▸ REQUIRED WORK
Find every line below that contains the word "False" and copy it out.

==== DATA PROVIDED ====

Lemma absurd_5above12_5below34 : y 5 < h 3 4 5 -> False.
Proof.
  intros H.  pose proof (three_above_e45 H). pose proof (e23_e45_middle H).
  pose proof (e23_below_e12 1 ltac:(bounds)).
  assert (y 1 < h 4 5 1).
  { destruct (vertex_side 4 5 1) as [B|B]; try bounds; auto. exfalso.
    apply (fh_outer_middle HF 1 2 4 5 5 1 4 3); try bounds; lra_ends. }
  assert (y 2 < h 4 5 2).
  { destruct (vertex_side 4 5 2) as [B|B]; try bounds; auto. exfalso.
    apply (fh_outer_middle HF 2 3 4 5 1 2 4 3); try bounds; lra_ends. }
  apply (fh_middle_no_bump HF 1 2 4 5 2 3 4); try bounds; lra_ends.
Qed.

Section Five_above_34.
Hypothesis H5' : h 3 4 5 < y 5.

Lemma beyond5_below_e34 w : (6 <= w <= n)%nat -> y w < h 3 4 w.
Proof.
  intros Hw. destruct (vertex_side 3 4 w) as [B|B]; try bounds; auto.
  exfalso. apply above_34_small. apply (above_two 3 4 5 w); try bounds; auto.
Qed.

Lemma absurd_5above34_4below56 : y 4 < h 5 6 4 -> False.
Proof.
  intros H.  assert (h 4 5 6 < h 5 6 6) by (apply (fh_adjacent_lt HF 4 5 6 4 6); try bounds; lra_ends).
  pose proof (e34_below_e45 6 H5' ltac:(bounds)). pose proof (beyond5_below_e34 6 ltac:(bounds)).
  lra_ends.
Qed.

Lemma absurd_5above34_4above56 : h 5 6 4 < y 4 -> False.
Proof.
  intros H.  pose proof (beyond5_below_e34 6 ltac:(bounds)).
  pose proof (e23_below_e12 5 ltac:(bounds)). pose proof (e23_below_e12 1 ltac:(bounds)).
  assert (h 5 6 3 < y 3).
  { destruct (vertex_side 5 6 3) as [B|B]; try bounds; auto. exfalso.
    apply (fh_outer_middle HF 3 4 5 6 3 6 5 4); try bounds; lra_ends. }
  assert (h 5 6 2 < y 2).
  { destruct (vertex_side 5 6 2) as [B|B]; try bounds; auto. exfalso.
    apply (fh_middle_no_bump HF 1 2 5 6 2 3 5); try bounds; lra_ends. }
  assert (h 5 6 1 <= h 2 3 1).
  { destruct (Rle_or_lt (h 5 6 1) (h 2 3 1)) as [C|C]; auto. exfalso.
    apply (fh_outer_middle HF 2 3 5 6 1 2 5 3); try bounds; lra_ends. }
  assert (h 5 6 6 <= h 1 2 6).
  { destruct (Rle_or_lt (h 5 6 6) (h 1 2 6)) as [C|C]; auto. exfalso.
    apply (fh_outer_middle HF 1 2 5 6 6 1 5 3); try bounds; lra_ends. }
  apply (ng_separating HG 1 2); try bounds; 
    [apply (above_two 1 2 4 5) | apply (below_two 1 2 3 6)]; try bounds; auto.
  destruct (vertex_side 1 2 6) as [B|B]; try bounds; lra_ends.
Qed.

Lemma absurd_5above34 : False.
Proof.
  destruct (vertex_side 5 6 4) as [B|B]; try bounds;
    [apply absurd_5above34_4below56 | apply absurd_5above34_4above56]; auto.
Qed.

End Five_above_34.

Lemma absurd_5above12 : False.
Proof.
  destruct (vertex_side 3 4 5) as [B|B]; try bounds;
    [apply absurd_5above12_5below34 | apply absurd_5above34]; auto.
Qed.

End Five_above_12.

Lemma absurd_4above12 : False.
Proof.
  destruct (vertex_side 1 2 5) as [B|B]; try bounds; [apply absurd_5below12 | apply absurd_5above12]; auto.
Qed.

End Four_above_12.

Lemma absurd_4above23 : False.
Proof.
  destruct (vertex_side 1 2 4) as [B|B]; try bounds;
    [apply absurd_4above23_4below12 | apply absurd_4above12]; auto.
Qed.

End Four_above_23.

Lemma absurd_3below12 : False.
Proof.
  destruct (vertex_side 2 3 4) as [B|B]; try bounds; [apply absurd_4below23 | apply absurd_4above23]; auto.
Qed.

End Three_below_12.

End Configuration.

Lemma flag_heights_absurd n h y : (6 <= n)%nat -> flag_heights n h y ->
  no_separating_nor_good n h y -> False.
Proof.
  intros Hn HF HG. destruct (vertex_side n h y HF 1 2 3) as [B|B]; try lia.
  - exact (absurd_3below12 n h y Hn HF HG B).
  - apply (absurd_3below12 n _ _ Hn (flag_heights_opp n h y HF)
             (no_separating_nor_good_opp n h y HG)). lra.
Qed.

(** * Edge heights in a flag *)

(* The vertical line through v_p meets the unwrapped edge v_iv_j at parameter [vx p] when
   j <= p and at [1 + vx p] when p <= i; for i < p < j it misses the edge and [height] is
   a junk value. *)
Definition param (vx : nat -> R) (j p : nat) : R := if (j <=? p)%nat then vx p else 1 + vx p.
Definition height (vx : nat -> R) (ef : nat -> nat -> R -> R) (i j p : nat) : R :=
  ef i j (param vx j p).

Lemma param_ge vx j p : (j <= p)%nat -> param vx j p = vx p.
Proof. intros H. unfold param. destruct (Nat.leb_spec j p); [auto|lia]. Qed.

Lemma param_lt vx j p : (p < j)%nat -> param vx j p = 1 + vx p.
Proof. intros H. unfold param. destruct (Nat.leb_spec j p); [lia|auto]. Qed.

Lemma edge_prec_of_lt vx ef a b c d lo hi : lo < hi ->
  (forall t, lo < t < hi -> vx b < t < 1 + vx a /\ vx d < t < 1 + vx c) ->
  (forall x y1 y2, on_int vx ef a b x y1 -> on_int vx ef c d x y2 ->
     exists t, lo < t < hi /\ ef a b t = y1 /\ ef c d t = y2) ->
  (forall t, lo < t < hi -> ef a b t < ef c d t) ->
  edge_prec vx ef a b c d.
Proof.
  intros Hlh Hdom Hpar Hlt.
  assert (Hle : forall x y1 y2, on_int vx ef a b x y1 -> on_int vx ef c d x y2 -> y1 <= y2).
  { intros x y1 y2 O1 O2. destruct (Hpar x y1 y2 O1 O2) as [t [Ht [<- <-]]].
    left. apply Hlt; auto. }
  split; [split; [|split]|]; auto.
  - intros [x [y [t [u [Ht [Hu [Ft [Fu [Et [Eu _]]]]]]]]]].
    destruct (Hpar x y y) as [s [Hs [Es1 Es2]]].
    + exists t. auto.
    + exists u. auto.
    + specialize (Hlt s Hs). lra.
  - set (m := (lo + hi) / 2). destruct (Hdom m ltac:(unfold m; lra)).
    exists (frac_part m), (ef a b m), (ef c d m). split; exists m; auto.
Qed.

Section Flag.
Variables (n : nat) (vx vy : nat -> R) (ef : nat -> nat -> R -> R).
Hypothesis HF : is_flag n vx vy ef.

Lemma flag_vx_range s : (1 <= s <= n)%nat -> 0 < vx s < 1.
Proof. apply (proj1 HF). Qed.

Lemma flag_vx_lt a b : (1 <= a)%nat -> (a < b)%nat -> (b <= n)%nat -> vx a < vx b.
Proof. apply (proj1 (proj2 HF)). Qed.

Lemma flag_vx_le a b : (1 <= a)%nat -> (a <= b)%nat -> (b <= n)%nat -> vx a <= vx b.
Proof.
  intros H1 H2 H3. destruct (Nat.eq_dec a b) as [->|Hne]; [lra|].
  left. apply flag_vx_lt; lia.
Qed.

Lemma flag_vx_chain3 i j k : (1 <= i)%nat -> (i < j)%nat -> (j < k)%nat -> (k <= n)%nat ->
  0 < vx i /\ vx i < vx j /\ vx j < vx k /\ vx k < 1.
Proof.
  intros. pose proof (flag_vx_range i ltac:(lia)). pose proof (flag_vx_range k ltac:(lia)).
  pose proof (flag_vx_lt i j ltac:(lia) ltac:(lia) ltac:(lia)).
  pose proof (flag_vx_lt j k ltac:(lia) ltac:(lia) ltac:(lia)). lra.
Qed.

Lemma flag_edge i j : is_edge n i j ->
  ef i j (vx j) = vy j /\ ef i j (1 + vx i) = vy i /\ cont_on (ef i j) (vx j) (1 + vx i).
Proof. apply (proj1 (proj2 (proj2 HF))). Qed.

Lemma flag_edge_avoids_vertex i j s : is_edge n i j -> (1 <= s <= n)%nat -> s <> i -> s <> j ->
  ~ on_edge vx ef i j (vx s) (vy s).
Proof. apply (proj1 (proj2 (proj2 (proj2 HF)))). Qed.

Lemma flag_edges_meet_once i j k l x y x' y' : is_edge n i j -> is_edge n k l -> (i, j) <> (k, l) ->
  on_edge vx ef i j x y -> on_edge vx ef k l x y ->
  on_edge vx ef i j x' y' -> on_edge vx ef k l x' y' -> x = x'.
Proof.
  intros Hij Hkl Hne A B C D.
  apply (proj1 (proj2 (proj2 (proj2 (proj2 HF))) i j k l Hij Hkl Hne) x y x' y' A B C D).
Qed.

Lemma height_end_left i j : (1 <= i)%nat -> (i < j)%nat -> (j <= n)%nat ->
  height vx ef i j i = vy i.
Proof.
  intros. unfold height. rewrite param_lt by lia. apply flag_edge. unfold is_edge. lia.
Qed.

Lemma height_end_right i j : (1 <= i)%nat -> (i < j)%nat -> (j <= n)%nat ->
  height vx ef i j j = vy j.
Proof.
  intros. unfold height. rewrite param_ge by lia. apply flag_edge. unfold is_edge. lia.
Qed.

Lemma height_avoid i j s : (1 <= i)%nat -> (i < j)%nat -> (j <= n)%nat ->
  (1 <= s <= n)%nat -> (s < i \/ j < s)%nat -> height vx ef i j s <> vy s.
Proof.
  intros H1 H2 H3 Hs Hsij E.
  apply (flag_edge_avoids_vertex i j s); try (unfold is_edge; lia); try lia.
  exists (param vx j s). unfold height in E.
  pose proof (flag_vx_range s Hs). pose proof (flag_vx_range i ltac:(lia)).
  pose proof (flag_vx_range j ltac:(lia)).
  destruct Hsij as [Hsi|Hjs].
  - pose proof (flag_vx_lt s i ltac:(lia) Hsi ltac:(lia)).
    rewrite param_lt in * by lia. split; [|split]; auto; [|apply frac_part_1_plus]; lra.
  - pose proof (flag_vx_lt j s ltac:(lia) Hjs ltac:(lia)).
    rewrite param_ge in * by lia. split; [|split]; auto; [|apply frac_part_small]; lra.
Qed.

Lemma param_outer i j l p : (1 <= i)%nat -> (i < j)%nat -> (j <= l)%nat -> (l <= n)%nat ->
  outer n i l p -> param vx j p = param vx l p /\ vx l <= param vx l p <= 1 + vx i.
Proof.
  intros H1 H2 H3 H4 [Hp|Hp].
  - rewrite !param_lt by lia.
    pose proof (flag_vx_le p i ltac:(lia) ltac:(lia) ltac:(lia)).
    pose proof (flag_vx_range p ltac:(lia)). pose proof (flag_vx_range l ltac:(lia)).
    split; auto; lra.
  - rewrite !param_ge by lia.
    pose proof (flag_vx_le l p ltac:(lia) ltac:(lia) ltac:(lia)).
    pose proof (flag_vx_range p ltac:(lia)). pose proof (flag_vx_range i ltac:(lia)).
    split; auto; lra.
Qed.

====

▸ THE COMPLETED TASK
Lemma absurd_5above12_5below34 : y 5 < h 3 4 5 -> False.
Lemma absurd_5above34_4below56 : y 4 < h 5 6 4 -> False.
Lemma absurd_5above34_4above56 : h 5 6 4 < y 4 -> False.
Lemma absurd_5above34 : False.
Lemma absurd_5above12 : False.
Lemma absurd_4above12 : False.
Lemma absurd_4above23 : False.
Lemma absurd_3below12 : False.
  no_separating_nor_good n h y -> False.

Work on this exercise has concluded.